He stands, forcing himself not to look too long at Aoi’s weak body lying there on the ground, his hair piecey and slanted over his forehead, tangled by a stranger’s rough hand. He gets his guitar from the ground and runs to the front of the building.

Though classrooms and offices are locked by now, the main door is still open. He shoves inside and puts his guitar down in a corner by the stairwell door. The infirmary isn’t too far—close enough that walking would be faster than waiting. He’ll carry Aoi if he has to, any way he can. The guitar can stay here and he can come back. And if it’s gone by then, then at least Aoi won’t be.

He heads back out. Aoi still lies there, motionless.

Dread crackles up his spine that Aoi might have lost consciousness. He drops back to his knees by Aoi’s side. “Aoi?”

Aoi’s breathing is slow, nothing like it should be for someone in this situation. Nothing like Yuuji’s. His eyes have slipped closed again.

Yuuji grabs his face with both hands this time. “Wake up, okay? Look at me. Come on, look at me.”

When Aoi’s eyes open again, his pupils are dilated wide, fully dark and swirling with fear. “What did I do?”

The anger resurfaces, burning in Yuuji’s chest and out to his palms holding Aoi’s too-warm face. “Nothing. You didn’t do anything.”

“Why does it…hurt so much…” One disoriented hand comes up slowly to grasp Yuuji’s wrist. “Am I going to…” His eyes flick around listlessly, lagging, at nothing.

“ _Look at me_ ,” Yuuji insists. He waits for Aoi’s gaze to drift back into his. “He’s gone. I’m taking you to the doctor.”

The hand lifts up and comes close to Yuuji’s face. He blinks as Aoi’s fingertips brush delicately against the stray piece of hair at his forehead that never stays back when he gels up his bangs. “Your guitar is this color,” Aoi says. His hand falls limply back down onto Yuuji’s arm.

Yuuji stares into his eyes, keeping his hands soft on his cheeks. “Don’t worry. I’ve got you,” he promises. “You’re safe with me.”
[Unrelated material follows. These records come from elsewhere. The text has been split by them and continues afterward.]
Definition letter_fun (x : S + G) (v : 'rV[C]_D) : 'rV[C]_D :=
  row_mx (sym_vec ((letter_mx Q1 x)^T *m sym_mx (lsubmx v) *m letter_mx Q1 x))
         (sym_vec ((letter_mx Q2 x)^T *m sym_mx (rsubmx v) *m letter_mx Q2 x)).

Lemma letter_fun_linear x : linear (letter_fun x).
Proof.
move=> a u v; rewrite /letter_fun !linearP !sym_mx_linearP.
rewrite !mulmxDr !mulmxDl -!scalemxAr -!scalemxAl !sym_vec_linearP.
by rewrite scale_row_mx add_row_mx.
Qed.

Definition letter_step x := lin1_mx_of (letter_fun_linear x).

Lemma pair_vec_word_vec w : pair_vec w = word_vec letter_step (pair_vec [::]) w.
Proof.
elim: w => [|x w IH] //=; rewrite -IH /letter_step mul_rV_lin1_of /letter_fun.
rewrite /pair_vec row_mxKl row_mxKr !sym_vecK ?gram_word_sym //.
by rewrite /gram_word /word_mx /= !trmx_mul !mulmxA.
Qed.

Definition Pr_diff_fun (v : 'rV[C]_D) : 'rV[C]_1 :=
  (\tr (sym_mx (lsubmx v) *m rho1) - \tr (sym_mx (rsubmx v) *m rho2))%:M.

Lemma Pr_diff_fun_linear : linear Pr_diff_fun.
Proof.
move=> a u v; rewrite /Pr_diff_fun !linearP !sym_mx_linearP.
rewrite !mulmxDl -!scalemxAl !mxtraceD !mxtraceZ scale_scalar_mx -raddfD /=.
by congr (_%:M); ring.
Qed.

Definition Pr_diff := lin1_mx_of Pr_diff_fun_linear.

Lemma Pr_eq_pair_vec a sch b w : is_real_qmm Q1 -> is_real_qmm Q2 ->
  Vmx Q1 a sch b = word_mx Q1 w -> Vmx Q2 a sch b = word_mx Q2 w ->
  Pr Q1 rho1 a sch b = Pr Q2 rho2 a sch b <-> pair_vec w *m Pr_diff = 0.
Proof.
move=> real1 real2 V1 V2.
rewrite (Pr_real_gram rho1 real1 V1) (Pr_real_gram rho2 real2 V2).
rewrite /Pr_diff mul_rV_lin1_of /Pr_diff_fun /pair_vec row_mxKl row_mxKr.
rewrite !sym_vecK ?gram_word_sym //; split=> [eq_Pr | /matrixP/(_ 0 0)].
  by apply/matrixP => i j; rewrite !ord1 eq_Pr subrr !mxE mul0rn.
by rewrite !mxE mulr1n => /eqP; rewrite subr_eq0 => /eqP.
Qed.

Lemma qmm_equiv_mk_k k : is_real_qmm Q1 -> is_real_qmm Q2 ->
  qmm_equiv_mk D.-1 k Q1 rho1 Q2 rho2 -> qmm_equiv_k k Q1 rho1 Q2 rho2.
Proof.
move=> real1 real2 eq_short a sch b sch_a size_b le_k.
have V_sched n (Q : qmm C S G n) := Vop_sched_word Q a 0 sch b.
apply/(Pr_eq_pair_vec real1 real2 (V_sched _ Q1) (V_sched _ Q2)).
have count_le_k := leq_trans (count_sched_word a 0 sch b) le_k.
rewrite pair_vec_word_vec; apply: word_annihilation count_le_k => w le_w le_kw.
rewrite -pair_vec_word_vec.
have := split_word_spec w; have := split_wordV Q1 w; have := split_wordV Q2 w.
case: (split_word w) => [[a' sch'] b'] V2 V1 [sch_a' size_b' count_w size_w].
apply/(Pr_eq_pair_vec real1 real2 (esym V1) (esym V2)).
by apply: eq_short => //=; rewrite count_w le_kw -count_w size_w.
Qed.

End PairEncoding.

Theorem mainTheorem4 (C : numClosedFieldType) (S G : finType) (n1 n2 : nat)
    (Q1 : qmm C S G n1) (Q2 : qmm C S G n2)
    (rho1 : 'M[C]_n1) (rho2 : 'M[C]_n2) :
  is_real_qmm Q1 -> is_real_qmm Q2 ->
  is_density rho1 -> is_density rho2 ->
  let N' := ((n1 * n1.+1) %/ 2 + (n2 * n2.+1) %/ 2 - 1)%N in
  (qmm_equiv Q1 rho1 Q2 rho2 <-> qmm_equiv_m N' Q1 rho1 Q2 rho2) /\
  (forall k : nat,
     qmm_equiv_k k Q1 rho1 Q2 rho2 <-> qmm_equiv_mk N' k Q1 rho1 Q2 rho2).
Proof.
move=> real1 real2 _ _ N'.
have eq_mk_k k : qmm_equiv_mk N' k Q1 rho1 Q2 rho2 -> qmm_equiv_k k Q1 rho1 Q2 rho2.
  by move=> eq_mk; apply: (qmm_equiv_mk_k real1 real2); rewrite !card_tri_index -subn1.
split=> [|k]; split.
- by move=> eq_all a sch b sch_a size_b _; apply: eq_all.
- move=> eq_short a sch b sch_a size_b _.
  apply: (eq_mk_k (size sch)) => // a' sch' b' sch_a' size_b' /andP[_ le_N'].
  exact: eq_short.
- by move=> eq_k a sch b sch_a size_b /andP[le_k _]; apply: eq_k.
- exact: eq_mk_k.
Qed.
Lemma uniform_prob_le_adv_loss_sum (A : set R) : closed A ->
  (nu I2 <= mu (thicken (~` A) eps)
            + \int[uniform_probR cd]_x (\1_(thicken A eps) x)%:E)%E.
Proof.
move=> cA; set G := thicken (~` A) eps.
have oG : open G by apply: open_thicken; exact: closed_openC.
have mG : measurable G := measurable_realfun.open_measurable oG.
have mI : measurable I by exact: measurable_itv.
pose E := I `\` G.
have mE : measurable E by exact: measurableD.
have [E0|/eqP/set0P [x0 Ex0]] := pselect (E = set0).
  have IG : I `<=` G.
    by move=> x Ix; apply: contrapT => nGx; suff : E x by rewrite E0.
  apply: le_trans (leeDl _ (integral_ge0 _ _)) => [|x _]; last by rewrite lee_fin.
  apply: le_trans (@probability_le1 _ _ _ nu _ measurable_I2) _.
  have <- : mu I = 1%E by rewrite /uniform_prob integral_uniform_pdf1.
  by apply: le_measure; rewrite ?inE.
have EI : E `<=` I by move=> x [].
have Ebnd : forall x, E x -> a <= x <= b by move=> x /EI; rewrite /= in_itv.
have infE : has_inf E by split; [exists x0 | exists a => x /Ebnd/andP[]].
have supE : has_sup E by split; [exists x0 | exists b => x /Ebnd/andP[]].
have [K [mK KE] lamK] := lebesgue_measure_sub_thicken mE infE supE eps2_ge0.
have KI2 : K `<=` I2 by move=> x /KE; exact: thickenS.
have KH : K `<=` thicken A eps.
  move=> x /KE; rewrite -thicken_twice; apply: thickenS => y Ey.
  by apply: thicken_erosion_sub; move: y Ey; apply: thickenS => y [].
rewrite (measureDI nu measurable_I2 mK) (setIidr KI2); apply: leeD.
  apply: le_trans (uniform_prob_thicken_itvD_le mE mK EI KI2 lamK) _.
  apply: le_measure; rewrite ?inE//; first exact: measurableD.
  by move=> x [Ix nEx]; apply: contrapT => nGx; apply: nEx.
exact: measure_le_integral_indic (uniform_probR cd) _ _ mK KH.
Qed.

Lemma adv_risk_ge (A : set R) : closed A ->
  (2^-1%:E * nu I2 <= adv_risk mu nu eps A)%E.
Proof.
move=> cA; rewrite (adv_riskE _ (uniform_probR ab) (uniform_probR cd))//.
rewrite -ge0_muleDr ?measure_ge0//; last by apply: integral_ge0 => x _; rewrite lee_fin.
by apply: lee_wpmul2l; [rewrite lee_fin invr_ge0 | exact: uniform_prob_le_adv_loss_sum].
Qed.

Lemma adv_risk_thicken_itv :
  adv_risk mu nu eps (thicken I eps) = (2^-1%:E * nu I2)%E.
Proof.
have oG : open (thicken (~` thicken I eps) eps).
  by apply: open_thicken; exact/closed_openC/closed_thicken_itv/eps_ge0/ltW.
have mG : measurable (thicken (~` thicken I eps) eps).
  exact: measurable_realfun.open_measurable oG.
have G_null : mu (thicken (~` thicken I eps) eps) = 0%E.
  rewrite uniform_probE// (_ : _ `&` _ = set0) ?measure0 ?mule0//.
  by apply/seteqP; split=> // x [/thicken_compl_thicken_sub].
rewrite (adv_riskE _ (uniform_probR ab) (uniform_probR cd))//; last first.
  exact/closed_thicken_itv/eps_ge0/ltW.
rewrite -[RHS]add0e -[in RHS](mule0 2^-1%:E); congr (_ * _ + _ * _)%E.
  exact: G_null.
by rewrite thicken_twice integral_indic ?setIT.
Qed.

End uniform_intervals.

Theorem theorem9 (R : realType) (eps a b c d : R)
  (heps : 0 <= eps) (ab : a < b) (cd : c < d) (hIJ : b - a <= d - c) :
  let mu := uniform_prob ab in
  let nu := uniform_prob cd in
  let I := `[a, b]%classic in
  ereal_inf [set adv_risk mu nu eps A | A in [set A : set R | closed A]]
    = (2^-1%:E * nu (thicken I (2 * eps)))%E
  /\ adv_risk mu nu eps (thicken I eps)
    = ereal_inf [set adv_risk mu nu eps A | A in [set A : set R | closed A]].
Proof.
move=> mu nu I.
have risk_Ieps := adv_risk_thicken_itv heps ab cd.
suff inf_risk : ereal_inf [set adv_risk mu nu eps A | A in [set A | closed A]]
    = (2^-1%:E * nu (thicken I (2 * eps)))%E by rewrite inf_risk risk_Ieps.
apply/le_anti/andP; split.
  rewrite -risk_Ieps; apply: ereal_inf_lbound; exists (thicken I eps) => //.
  exact/closed_thicken_itv/heps/ltW.
by apply: le_ereal_inf_tmp => _ [A cA <-]; exact: adv_risk_ge.
Qed.
Definition tconnect x y := [exists w, e x w && connect e w y].
Definition recurrent x := tconnect x x.
Definition scc x : {set T} := [set y | connect e x y && connect e y x].

Lemma tconnectP x y : reflect (exists2 w, e x w & connect e w y) (tconnect x y).
Proof.
by apply: (iffP existsP) => [[w /andP[]]|[w exw cwy]]; exists w => //; apply/andP.
Qed.

Lemma tconnect_connect x y : tconnect x y -> connect e x y.
Proof. by case/tconnectP=> w /connect1; apply: connect_trans. Qed.

Lemma tconnect_connect_trans x y y' : tconnect x y -> connect e y y' -> tconnect x y'.
Proof.
by case/tconnectP=> w exw cwy cyy'; apply/tconnectP; exists w; last exact: connect_trans cyy'.
Qed.

Lemma connect_tconnect_trans x y y' : connect e x y -> tconnect y y' -> tconnect x y'.
Proof.
case/connectP=> [[|w p] /=]; first by move=> _ ->.
case/andP=> exw pw -> /tconnect_connect cy; apply/tconnectP; exists w => //.
by apply: connect_trans cy; apply/connectP; exists p.
Qed.

Lemma scc_refl x : x \in scc x.
Proof. by rewrite inE connect0. Qed.

Lemma eq_sccP x y : reflect (scc x = scc y) (y \in scc x).
Proof.
apply: (iffP idP) => [|->]; last exact: scc_refl.
rewrite inE => /andP[cxy cyx]; apply/setP=> u; rewrite !inE.
apply/andP/andP=> [][cu uc]; split.
- exact: connect_trans cyx cu.
- exact: connect_trans uc cxy.
- exact: connect_trans cxy cu.
- exact: connect_trans uc cyx.
Qed.

Lemma recurrent_scc x y : recurrent x -> y \in scc x -> recurrent y.
Proof.
rewrite inE => rx /andP[cxy cyx].
exact: connect_tconnect_trans cyx (tconnect_connect_trans rx cxy).
Qed.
For a moment, he thinks Aoi’s hand squeezes, or else his mind is playing tricks on him.

He nods once, determined. “Now we’re going to stand up together. Think you can do that?”

Aoi blinks once, then his head moves in Yuuji’s hands in something like a nod.

“Good. Follow my lead.”

He helps Aoi to sitting, takes one arm and tells him to wrap the other over his shoulders. Braces one foot on the ground and stands, and Aoi is heavy—heavier than he should be, with hardly enough strength to hold himself up. But he’s steady enough on his feet, at least enough to not go falling again. Yuuji gets a tight grip on his arm and his waist.

“There. Nice to be up off the ground, huh?” He smiles sideways at Aoi, but Aoi’s body goes sideways too. “Whoa, hey.” He catches him again. “Dizzy?”

“My…chest.”

Yuuji immediately turns to look for some wound he missed, blood he couldn’t see in the dark. “What? What’s wrong?”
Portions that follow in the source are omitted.